Wedding Ring in Broken Bones By Julia Zhou

Wedding Ring in Broken Bones

In these last years, I pluck myself
together as each          ruffled feather

tethered to bone.         I grow unripe,
slot myself plum sour between plastic.

In these last years,       I say
pretend. That lilacs     are blooming

under the stairs, the marble slate
smoothed        glossed over the lip

crystal shine & dazzling.
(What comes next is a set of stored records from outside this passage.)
Theorem proposition1p3 (R : realType) (m L alpha delta rho : R) :
  0 < m -> m < L -> 0 <= delta -> delta < 1 ->
  1 / L <= alpha ->
  alpha <= 2 / ((1 + delta) * L + (1 - delta) * m) ->
  Num.max (1 - (1 - delta) * alpha * m) ((1 + delta) * alpha * L - 1) <= rho ->
  exists c : R, 0 < c /\
    forall (n : nat) (f : 'rV[R]_n -> R) (xs : 'rV[R]_n)
           (x e : nat -> 'rV[R]_n),
      in_F m L f ->
      (forall y, f xs <= f y) ->
      (forall k : nat,
          x k.+1 = x k - alpha *: (grad f (x k) + e k) /\
          euc_norm (e k) <= delta * euc_norm (grad f (x k))) ->
      forall k : nat, euc_norm (x k - xs) <= c * rho ^+ k * euc_norm (x 0%N - xs).
Proof.
move=> m_gt0 m_lt_L delta_ge0 delta_lt1 alpha_ge alpha_le rho_ge.
have L_gt0 : 0 < L := lt_trans m_gt0 m_lt_L.
(* The hypothesis 1 / L <= alpha is only used to get alpha > 0. *)
have alpha_gt0 : 0 < alpha by apply: lt_le_trans alpha_ge; rewrite div1r invr_gt0.
have step_le : alpha * ((1 + delta) * L + (1 - delta) * m) <= 2.
  rewrite -ler_pdivlMr // addr_gt0 // mulr_gt0 //; lra.
set rho0 := rho_gd m alpha delta.
have rho0_le : rho0 <= rho by move: rho_ge; rewrite ge_max => /andP[].
have rho0_ge0 : 0 <= rho0 := rho_gd_ge0 m_gt0 m_lt_L delta_ge0 delta_lt1 alpha_gt0 step_le.
exists (Num.sqrt (L / m)); split; first by rewrite sqrtr_gt0 divr_gt0.
move=> n f xs x e f_in_F xs_min x_gd k.
apply: le_trans (inexact_gd_rate m_gt0 m_lt_L delta_ge0 delta_lt1 alpha_gt0 step_le
  f_in_F xs_min x_gd k) _.
apply: ler_wpM2r; first exact: euc_norm_ge0.
apply: ler_wpM2l; first exact: sqrtr_ge0.
by apply: lerXn2r; rewrite ?nnegrE // (le_trans rho0_ge0).
Qed.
How many
times have I heard this story before?

Scratched        into flesh         with broken
bones. My skin            your skin         tattered

white elephant skin     yielding softness
under wide      open                eyes

we live on blindly       bodies pressed
against the wind          chill     of marble splits

our bloodstreams   into a new gash    of hoping.
Time in & time out.    Hemorrhage rust.

Our mouths     around             tuneless pulsations,
around white               napkin rinds. & I say pretend

we can filter out          this static. & I say pretend
we are doused in white           soothing tongues in

a sprig of mint.            & I say end it here.

You may kiss the bride,
but you may not hold her.

By Julia Zhou


Julia Zhou is a high school senior from Herndon, Virginia. Her writing has been recognized by the Poetry Society of the UK and the National YoungArts Foundation; they can be found in Antithesis Journal, Blue Marble Review, and Typishly, among others. Find her napping with a Campbell’s textbook cradled in arm, playing quizbowl, or staring at the moon.